● What to do
Give back an exact copy of the lines in the records below, from the line that has "Lemma sqr_sum_norm_le a" through the line that has "End InnerProduct.", and nothing besides.

== Segment start ==

(* By the descent lemma, f(x^{t+1}) - f(x) is at most the sum of alpha^2 L / 2 - alpha |d_i f(x)|
   over the coordinates i that move.  Under E^t coordinate i moves with probability
   |d_i f(x)| / eta, so the expected change is at most
   (alpha / eta) (L alpha / 2 ||grad f(x)||_1 - ||grad f(x)||^2).  Convexity turns the gap
   f(x) - f(xstar) > eps into <grad f(x), x - xstar> > eps, strong convexity then gives
   ||grad f(x)||^2 > mu eps, and ||grad f(x)||_1 <= sqrt n ||grad f(x)||; with the bound on
   alpha this makes the expected change negative. *)

Set Implicit Arguments.
Unset Strict Implicit.
Unset Printing Implicit Defensive.

Section InnerProduct.
Variables (R : realType) (n : nat).
Implicit Types (a b c : 'rV[R]_n).

Lemma dotvC a b : dotv a b = dotv b a.
Proof. by apply: eq_bigr => i _; rewrite mulrC. Qed.

Lemma dotvNl a c : dotv (- a) c = - dotv a c.
Proof. by rewrite /dotv -sumrN; apply: eq_bigr => i _; rewrite mxE mulNr. Qed.

Lemma dotvBl a b c : dotv (a - b) c = dotv a c - dotv b c.
Proof.
rewrite /dotv -sumrB; apply: eq_bigr => i _.
by rewrite !mxE mulrDl mulNr.
Qed.

Lemma dotvZl (t : R) a c : dotv (t *: a) c = t * dotv a c.
Proof. by rewrite /dotv mulr_sumr; apply: eq_bigr => i _; rewrite mxE mulrA. Qed.

Lemma dotvZr (t : R) a c : dotv a (t *: c) = t * dotv a c.
Proof. by rewrite dotvC dotvZl dotvC. Qed.

Lemma dotv_ge0 a : 0 <= dotv a a.
Proof. by apply: sumr_ge0 => i _; rewrite -expr2 sqr_ge0. Qed.

Lemma dotv_eq0 a : dotv a a = 0 -> a = 0.
Proof.
move=> a0; apply/rowP => j; rewrite mxE.
apply/eqP; rewrite -sqrf_eq0 expr2; apply/eqP.
by apply: (psumr_eq0P _ a0) => // i _; rewrite -expr2 sqr_ge0.
Qed.

Lemma sqr_sum_mul_le (u w : 'I_n -> R) :
  (\sum_i u i * w i) ^+ 2 <= (\sum_i u i ^+ 2) * (\sum_i w i ^+ 2).
Proof.
set A := \sum_i u i ^+ 2; set B := \sum_i w i ^+ 2; set C := \sum_i u i * w i.
have A0 : 0 <= A by apply: sumr_ge0 => i _; exact: sqr_ge0.
have [A_eq0|A_neq0] := eqVneq A 0.
  have u0 i : u i = 0.
    by apply/eqP; rewrite -sqrf_eq0; apply/eqP/(psumr_eq0P _ A_eq0) => // j _; apply: sqr_ge0.
  have -> : C = 0 by rewrite /C big1 // => i _; rewrite u0 mul0r.
  by rewrite A_eq0 expr0n mul0r.
(* [A w - C u] is [A] times the component of [w] orthogonal to [u]. *)
have sum_sqr : \sum_i (A * w i - C * u i) ^+ 2 = A * (A * B - C ^+ 2).
  have -> : \sum_i (A * w i - C * u i) ^+ 2 =
      \sum_i (A ^+ 2 * w i ^+ 2 - 2 * A * C * (u i * w i) + C ^+ 2 * u i ^+ 2).
    by apply: eq_bigr => i _; ring.
  by rewrite big_split /= sumrB -!mulr_sumr -/A -/B -/C; ring.
have : 0 <= A * (A * B - C ^+ 2).
  by rewrite -sum_sqr; apply: sumr_ge0 => i _; exact: sqr_ge0.
by rewrite pmulr_rge0 ?subr_ge0 // lt_def A_neq0.
Qed.

Lemma dotv_sqr_le a b : dotv a b ^+ 2 <= dotv a a * dotv b b.
Proof.
have dotv_sqr c : dotv c c = \sum_i c ord0 i ^+ 2.
  by apply: eq_bigr => i _; rewrite expr2.
by rewrite !dotv_sqr; apply: sqr_sum_mul_le.
Qed.

Lemma dotv_le_norm2 a b : dotv a b <= norm2 a * norm2 b.
Proof.
rewrite /norm2 -sqrtrM ?dotv_ge0 //; apply: le_trans (ler_norm _) _.
by rewrite -sqrtr_sqr ler_wsqrtr // dotv_sqr_le.
Qed.

Lemma norm2Z (t : R) a : 0 <= t -> norm2 (t *: a) = t * norm2 a.
Proof.
move=> t0; rewrite /norm2 dotvZl dotvZr mulrA -expr2 sqrtrM ?sqr_ge0 //.
by rewrite sqrtr_sqr ger0_norm.
Qed.

Lemma norm2_mul_self a : norm2 a * norm2 a = dotv a a.
Proof. by rewrite -expr2 sqr_sqrtr // dotv_ge0. Qed.

Lemma sqr_sum_norm_le a : (\sum_i `|a ord0 i|) ^+ 2 <= n%:R * dotv a a.
Proof.
have := sqr_sum_mul_le (fun i => `|a ord0 i|) (fun => 1).
have -> : \sum_(i < n) (1 : R) ^+ 2 = n%:R.
  by rewrite (eq_bigr (fun=> 1)) ?sumr_const ?card_ord // => i _; rewrite expr1n.
under eq_bigr do rewrite mulr1.
rewrite mulrC => /le_trans; apply.
by rewrite ler_wpM2l // ler_sum // => i _; rewrite real_normK ?num_real // expr2.
Qed.

End InnerProduct.

Lemma ler_increment_derive (R : realType) (h k dh dk : R -> R) :
  (forall t : R, is_derive t 1 h (dh t)) -> (forall t : R, is_derive t 1 k (dk t)) ->
  (forall t : R, t \in `]0, 1[ -> dh t <= dk t) -> h 1 - h 0 <= k 1 - k 0.
Proof.
move=> hd kd le_dhk; have hkd t := is_deriveB (hd t) (kd t).
have [|c c01 mvt] := @MVT R (h - k) (dh - dk) 0 1 ltr01 (fun t _ => hkd t).
  by apply: derivable_within_continuous => t _; exact: ex_derive.
rewrite !fctE subr0 mulr1 in mvt; have := le_dhk c c01; lra.
Qed.

Lemma lt_sqrt_div (R : rcfType) (a b c : R) :
  0 < a -> 0 < b -> a < Num.sqrt (b / c) -> 0 < c /\ a ^+ 2 * c < b.
Proof.
move=> a0 b0 lt_a; have bc0 : 0 < b / c by rewrite -sqrtr_gt0; apply: lt_trans lt_a.
have c0 : 0 < c by rewrite -invr_gt0 -(pmulr_rgt0 _ b0).
split=> //; rewrite -ltr_pdivlMr // -(sqr_sqrtr (ltW bc0)).
by rewrite ltr_pXn2r // nnegrE ?sqrtr_ge0 // (ltW a0).
Qed.

Lemma step_size_bound (R : realFieldType) (L m alpha N S eps mu : R) :
  0 <= L -> 0 <= S -> 0 < eps -> 0 < mu ->
  alpha ^+ 2 * (L ^+ 2 * m) < 4 * eps * mu ->
  S ^+ 2 <= m * N -> mu * eps < N -> L * alpha * S < 2 * N.
Proof.
move=> L0 S0 eps0 mu0 small_alpha S_le N_gt.
have N0 : 0 < N by apply: lt_trans N_gt; rewrite mulr_gt0.
have sqr_le : (L * alpha * S) ^+ 2 <= alpha ^+ 2 * (L ^+ 2 * m) * N.
  have -> : alpha ^+ 2 * (L ^+ 2 * m) * N = (alpha * L) ^+ 2 * (m * N) by ring.
  by rewrite [L * alpha]mulrC exprMn ler_wpM2l ?sqr_ge0.
have sqr_lt : alpha ^+ 2 * (L ^+ 2 * m) * N < (2 * N) ^+ 2 by nra.
nra.
Qed.

Section Gradient.
Variables (R : realType) (n : nat) (f : 'rV[R]_n -> R) (g : 'rV[R]_n -> 'rV[R]_n).
Hypothesis grad_fg : is_gradient f g.

Lemma is_derive_line (y v : 'rV[R]_n) (t : R) :
  is_derive t 1 (fun s : R => f (y + s *: v)) (dotv (g (y + t *: v)) v).
Proof.
have [df dfE] := grad_fg (y + t *: v).
have dv : derivable f (y + t *: v) v by exact: diff_derivable.
have := derivableP dv; rewrite deriveE // dfE => -[_ Dv].
have shift_line : (fun h : R => h^-1 *: (f (y + (h *: 1 + t) *: v) - f (y + t *: v))) =
                  (fun h : R => h^-1 *: (f (h *: v + (y + t *: v)) - f (y + t *: v))).
  by apply: funext => h; rewrite [h *: 1]mulr1 scalerDl addrCA addrA.
by split; rewrite /derivable /derive /= shift_line.
Qed.

Lemma lipschitz_grad_descent (L : R) (y v : 'rV[R]_n) : lipschitz_grad L g ->
  f (y + v) <= f y + dotv (g y) v + L / 2 * dotv v v.
Proof.
move=> lip_g; set a := dotv (g y) v; set K := L / 2 * dotv v v.
have quad_d (t : R) : is_derive t 1 (fun s => s * a + s ^+ 2 * K) (a + 2 * t * K).
  by apply: is_derive_eq; rewrite !scaler0 !add0r /GRing.scale /=; ring.
have : forall t : R, t \in `]0, 1[ -> dotv (g (y + t *: v)) v <= a + 2 * t * K.
  move=> t; rewrite in_itv /= => /andP[t0 _].
  have lip_t : norm2 (g (y + t *: v) - g y) <= L * t * norm2 v.
    by have := lip_g (y + t *: v) y; rewrite addrAC subrr add0r (norm2Z _ (ltW t0)) mulrA.
  rewrite -lerBlDl -dotvBl; apply: le_trans (dotv_le_norm2 _ _) _.
  have -> : 2 * t * K = L * t * norm2 v * norm2 v by rewrite -[RHS]mulrA norm2_mul_self /K; field.
  by rewrite ler_wpM2r ?sqrtr_ge0.
move=> /(ler_increment_derive (is_derive_line y v) quad_d).
rewrite !scale1r !scale0r !addr0 expr1n expr0n /= !mul1r !mul0r; lra.
Qed.

Lemma convex_grad_lower_bound (mu : R) (y v : 'rV[R]_n) :
  0 <= mu -> strongly_convex_grad mu g -> f y + dotv (g y) v <= f (y + v).
Proof.
move=> mu0 sc_g; set a := dotv (g y) v.
have lin_d (t : R) : is_derive t 1 (fun s => s * a) a.
  by apply: is_derive_eq; rewrite scaler0 add0r /GRing.scale /= mulr1.
have : forall t : R, t \in `]0, 1[ -> a <= dotv (g (y + t *: v)) v.
  move=> t; rewrite in_itv /= => /andP[t0 _].
  have := sc_g (y + t *: v) y; rewrite addrAC subrr add0r dotvZr !dotvZl dotvZr => sc_t.
  have : 0 <= t * dotv (g (y + t *: v) - g y) v.
    by apply: le_trans sc_t; rewrite !mulr_ge0 ?dotv_ge0 // ltW.
  by rewrite pmulr_rge0 // dotvBl subr_ge0.
move=> /(ler_increment_derive lin_d (is_derive_line y v)).
rewrite !scale1r !scale0r !addr0 /= mul1r mul0r; lra.
Qed.

Lemma grad_minimizer_eq0 (xs : 'rV[R]_n) : is_minimizer f xs -> g xs = 0.
Proof.
move=> min_xs; apply: dotv_eq0; set v := g xs.
have line_d := is_derive_line xs v.
have : is_derive (0 : R) 1 (fun s : R => f (xs + s *: v)) 0.
  apply: (@derive1_at_min _ _ (-1) 1); rewrite ?in_itv /= ?ltrN10 ?ltr01 ?lerN10 //.
  by move=> t _; rewrite scale0r addr0.
move=> d0; rewrite -(@derive_val _ _ _ _ _ _ _ d0).
by rewrite (@derive_val _ _ _ _ _ _ _ (line_d 0)) scale0r addr0.
Qed.

Lemma strongly_convex_sqr_grad_gt (mu eps : R) (xs x : 'rV[R]_n) :
  0 < mu -> strongly_convex_grad mu g -> is_minimizer f xs ->
  eps < f x - f xs -> mu * eps < dotv (g x) (g x).
Proof.
move=> mu0 sc_g min_xs gap; set N := dotv (g x) (g x).
set D := x - xs; set C := dotv (g x) D.
have gap_le : f x - f xs <= C.
  have := convex_grad_lower_bound x (xs - x) (ltW mu0) sc_g.
  rewrite addrCA subrr addr0 -opprB dotvC dotvNl dotvC -/D -/C; lra.
have sc : mu * dotv D D <= C by have := sc_g x xs; rewrite (grad_minimizer_eq0 min_xs) subr0.
have cs : C ^+ 2 <= N * dotv D D by apply: dotv_sqr_le.
have N0 : 0 <= N by apply: dotv_ge0.
have C0 : 0 <= C by apply: le_trans sc; rewrite mulr_ge0 ?dotv_ge0 // ltW.
have muC : mu * C <= N.
  have [->|C_neq0] := eqVneq C 0; first by rewrite mulr0.
  have C_gt0 : 0 < C by rewrite lt_def C_neq0 C0.
  rewrite -(ler_pM2r C_gt0).
  have := ler_wpM2l (ltW mu0) cs; have := ler_wpM2l N0 sc; nra.
by apply: lt_le_trans muC; rewrite ltr_pM2l //; apply: lt_le_trans gap gap_le.
Qed.

End Gradient.

Lemma lipschitz_grad_ge0 (R : realType) (n : nat) (g : 'rV[R]_n -> 'rV[R]_n) (L : R) :
  (0 < n)%N -> lipschitz_grad L g -> 0 <= L.
Proof.
move=> n_gt0 lip_g; pose c : 'rV[R]_n := const_mx 1.
have c_gt0 : 0 < norm2 c.
  rewrite sqrtr_gt0 /dotv (eq_bigr (fun=> 1)) ?sumr_const ?card_ord ?ltr0n // => i _.
  by rewrite mxE mulr1.
have := lip_g 0 (0 - c); rewrite opprB addrCA subrr addr0 => /(le_trans (sqrtr_ge0 _)).
by rewrite pmulr_lge0.
Qed.

Section BernoulliProduct.
Variables (R : realType) (n : nat) (p : 'I_n -> R).

Definition bern_prod (d : {ffun 'I_n -> bool}) : R :=
  \prod_(i < n) (if d i then p i else 1 - p i).

Lemma bern_prod_ge0 d : (forall i, 0 <= p i <= 1) -> 0 <= bern_prod d.
Proof.
move=> p01; apply: prodr_ge0 => i _; have /andP[p0 p1] := p01 i.
by case: (d i); rewrite ?subr_ge0.
Qed.

Lemma sum_bern_prod : \sum_d bern_prod d = 1.
Proof.
rewrite /bern_prod -(bigA_distr_bigA (fun i (b : bool) => if b then p i else 1 - p i)) /=.
by apply: big1 => i _; rewrite big_bool /= addrC subrK.
Qed.

Lemma expect_bern_prod_coord i : \sum_d bern_prod d * (d i)%:R = p i.
Proof.
pose q j (b : bool) := (if b then p j else 1 - p j) * (if j == i then (b : nat)%:R else 1).
have prod_q (d : {ffun 'I_n -> bool}) : \prod_(j < n) q j (d j) = bern_prod d * (d i)%:R.
  rewrite big_split /=; congr (_ * _).
  by rewrite (bigD1 i) //= eqxx big1 ?mulr1 // => j /negbTE ->.
under eq_bigr do rewrite -prod_q.
rewrite -(bigA_distr_bigA q) /= (bigD1 i) //= big_bool /= /q eqxx mulr1 mulr0 addr0.
rewrite big1 ?mulr1 // => j /negbTE ji.
by rewrite big_bool /= ji !mulr1 addrC subrK.
Qed.

Lemma expect_bern_prod_affine (K : R) (c : 'I_n -> R) :
  \sum_d bern_prod d * (K + \sum_i (d i)%:R * c i) = K + \sum_i p i * c i.
Proof.
under eq_bigr do rewrite mulrDr mulr_sumr.
rewrite big_split /= -mulr_suml sum_bern_prod mul1r exchange_big /=; congr (_ + _).
apply: eq_bigr => i _; rewrite -expect_bern_prod_coord mulr_suml.
by apply: eq_bigr => d _; rewrite mulrA.
Qed.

== Segment end ==

● Written reply
Lemma sqr_sum_norm_le a : (\sum_i `|a ord0 i|) ^+ 2 <= n%:R * dotv a a.
Proof.
have := sqr_sum_mul_le (fun i => `|a ord0 i|) (fun => 1).
have -> : \sum_(i < n) (1 : R) ^+ 2 = n%:R.
  by rewrite (eq_bigr (fun=> 1)) ?sumr_const ?card_ord // => i _; rewrite expr1n.
under eq_bigr do rewrite mulr1.
rewrite mulrC => /le_trans; apply.
by rewrite ler_wpM2l // ler_sum // => i _; rewrite real_normK ?num_real // expr2.
Qed.

End InnerProduct.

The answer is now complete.